_Exercise brief:_
Output, exactly as written, the lines of the data below from the one containing "by apply: le_trans (ler_normD" to the end.

────────────────────

Lemma sin_taylor_err N (a : 'I_K -> R) x : (forall k, `|a k| <= A) -> 0 <= x <= 1 ->
  `|\sum_(n < N) (\sum_(k < K) sin_taylor_mx N n k * a k) * x ^+ n - Rsum a x|
    <= K%:R * (A * (2 * expR (expR 1 * (8 * K%:R) - N%:R))).
Proof.
move=> aA /andP[x0 x1].
have -> : \sum_(n < N) (\sum_(k < K) sin_taylor_mx N n k * a k) * x ^+ n =
    \sum_(k < K) a k * series (sin_coeff (2 * pi * k.+1%:R * x)) N.
  under eq_bigr do rewrite mulr_suml.
  rewrite exchange_big /=; apply: eq_bigr => k _.
  rewrite /series /= big_mkord mulr_sumr; apply: eq_bigr => n _.
  by rewrite mxE [in RHS]sin_coeffM; ring.
rewrite /Rsum -sumrB; apply: (le_trans (ler_norm_sum _ _ _)).
rewrite (mulr_natl (A * _)) -[X in (A * _) *+ X](card_ord K) -sumr_const.
apply: ler_sum => k _; rewrite -mulrBr normrM distrC; apply: ler_pM => //.
apply: (le_trans (sin_series_tail _ _)); rewrite ler_pM2l // ler_expR lerD2r.
have /andP[f0 f8] := freq_le k.
rewrite ler_pM2l ?expR_gt0 // normrM (ger0_norm f0) (ger0_norm x0).
by apply: le_trans f8; apply: ler_piMr.
Qed.

Lemma sine_net_exists N eps : 0 < A -> 0 < eps <= 1 ->
  K%:R * (A * (2 * expR (expR 1 * (8 * K%:R) - N%:R))) <= eps / 2 ->
  exists net : mlp R K.+1 1,
    num_weights net = (10 * N ^ 2 + 2 * N * K + 12 * N + 1)%N /\
    forall v : 'cV[R]_K.+1,
      (forall k : 'I_K, `|v (widen_ord (leqnSn K) k) 0| <= A) -> 0 <= v ord_max 0 <= 1 ->
      `|eval_mlp net v 0 0 - Rsum (fun k => v (widen_ord (leqnSn K) k) 0) (v ord_max 0)| <= eps.
Proof.
move=> A0 /andP[eps0 eps1] tail.
have B0 : 0 <= K%:R * (expR (expR 1 * (8 * K%:R)) * A).
  by rewrite mulr_ge0 // mulr_ge0 ?expR_ge0 // ltW.
have eps2 : 0 < eps / 2 <= 1 by apply/andP; split; lra.
have [h [c1 [g [c2 approx]]]] := approx_poly_exists N B0 eps2.
exists (poly_net (sin_taylor_mx N) h c1 g c2); split; first exact: num_weights_poly_net.
move=> v aA x01; rewrite eval_poly_net.
have := approx _ _ (fun n => sin_taylor_coeff_le n aA) x01.
have := sin_taylor_err N aA x01.
rewrite /poly_coeffs => taylor net_err.
apply: le_trans (ler_distD (\sum_(n < N) (\sum_(k < K) sin_taylor_mx N n k *
  v (widen_ord (leqnSn K) k) 0) * v ord_max 0 ^+ n) _ _) _.
lra.
Qed.

End SineSum.

Lemma poly_net_weights_le (N K : nat) : (1 <= N)%N ->
  (10 * N ^ 2 + 2 * N * K + 12 * N + 1 <= 25 * (N + K) ^ 2)%N.
Proof. by move=> N1; nia. Qed.

Lemma expR_truncS_le (R : realType) (a z : R) : 0 < z ->
  expR (a - (Num.truncn (a + `|ln z|)).+1%:R) <= z^-1.
Proof.
move=> z0; rewrite -[z in z^-1]lnK ?posrE // -expRN ler_expR.
have : ln z <= `|ln z| := ler_norm _.
by have := truncnS_gt (a + `|ln z|); lra.
Qed.

Lemma truncS_order_le (R : realType) (a b x L : R) (K : nat) :
  0 <= a -> 0 <= b -> 0 <= L -> (1 <= K)%N -> 0 <= x <= b + L ->
  (Num.truncn (a * K%:R + x)).+1%:R + K%:R <= (a + b + 2) * (K%:R + L).
Proof.
move=> a0 b0 L0 K1 /andP[x0 xbL]; have K1' : 1 <= K%:R :> R by rewrite ler1n.
have trunc_le : (Num.truncn (a * K%:R + x))%:R <= a * K%:R + x.
  by rewrite truncn_le // addr_ge0 // mulr_ge0.
rewrite -addn1 natrD; nra.
Qed.

Lemma weights_order_le (R : realType) (N K : nat) (c L : R) :
  (1 <= N)%N -> (1 <= K)%N -> 0 <= L -> N%:R + K%:R <= c * (K%:R + L) ->
  (10 * N ^ 2 + 2 * N * K + 12 * N + 1)%:R <= 50 * c ^+ 2 * (K%:R ^+ 2 + K%:R * L ^+ 2).
Proof.
move=> N1 K1 L0 NK; have K1' : 1 <= K%:R :> R by rewrite ler1n.
apply: le_trans (_ : 25 * (N%:R + K%:R) ^+ 2 <= _).
  by rewrite -natrD -natrX -natrM ler_nat poly_net_weights_le.
have NK0 : 0 <= N%:R + K%:R :> R by [].
have sq : (N%:R + K%:R) ^+ 2 <= c ^+ 2 * (K%:R + L) ^+ 2.
  by rewrite -exprMn lerXn2r ?nnegrE // (le_trans NK0).
have KL : (K%:R + L) ^+ 2 <= 2 * (K%:R ^+ 2 + K%:R * L ^+ 2).
  have : L ^+ 2 <= K%:R * L ^+ 2 by apply: ler_peMl; rewrite ?sqr_ge0.
  by have := sqr_ge0 (K%:R - L); nra.
have := ler_wpM2l (sqr_ge0 c) KL; nra.
Qed.

Lemma sine_tail_le (R : realType) (A eps : R) (K : nat) : 0 < A -> 0 < eps -> (1 <= K)%N ->
  K%:R * (A * (2 * expR (expR 1 * (8 * K%:R) -
    (Num.truncn (8 * expR 1 * K%:R + `|ln (4 * A * (K%:R / eps))|)).+1%:R))) <= eps / 2.
Proof.
move=> A0 eps0 K1; have K0 : 0 < K%:R :> R by rewrite ltr0n.
set z := 4 * A * _; have z0 : 0 < z by rewrite !mulr_gt0 // invr_gt0.
apply: (@le_trans _ _ (K%:R * (A * (2 * z^-1)))).
  by rewrite !ler_pM2l // mulrCA mulrA; exact: expR_truncS_le.
by rewrite /z le_eqVlt; apply/orP; left; apply/eqP; field; rewrite !gt_eqF.
Qed.

Theorem theorem3 (R : realType) (A : R) (hA : 0 < A) :
  exists C : R, forall (K : nat), (1 <= K)%N -> forall eps : R, 0 < eps < 1 ->
    exists N : mlp R K.+1 1,
      (num_weights N)%:R <= C * ((K%:R) ^+ 2 + K%:R * (ln (K%:R / eps)) ^+ 2) /\
      forall v : 'cV[R]_K.+1,
        (forall k : 'I_K, `|v (widen_ord (leqnSn K) k) 0| <= A) ->
        0 <= v ord_max 0 <= 1 ->
        `|eval_mlp N v 0 0 - Rsum (fun k : 'I_K => v (widen_ord (leqnSn K) k) 0) (v ord_max 0)| <= eps.
Proof.
pose c := 8 * expR 1 + `|ln (4 * A)| + 2.
exists (50 * c ^+ 2) => K K1 eps /andP[eps0 eps1].
have Keps : 1 < K%:R / eps.
  by rewrite ltr_pdivlMr // mul1r; apply: lt_le_trans eps1 _; rewrite ler1n.
have tail := sine_tail_le hA eps0 K1.
have eps01 : 0 < eps <= 1 by rewrite eps0 ltW.
have [net [size net_err]] := sine_net_exists hA eps01 tail.
exists net; split => //; rewrite size.
have L0 : 0 <= ln (K%:R / eps) by rewrite ln_ge0 // ltW.
apply: weights_order_le => //; apply: truncS_order_le => //.
rewrite normr_ge0 lnM ?posrE ?(lt_trans ltr01 Keps) ?mulr_gt0 //=.
by apply: le_trans (ler_normD _ _) _; rewrite (ger0_norm L0).
Qed.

────────────────────

_Response for this exercise:_
by apply: le_trans (ler_normD _ _) _; rewrite (ger0_norm L0).
Qed.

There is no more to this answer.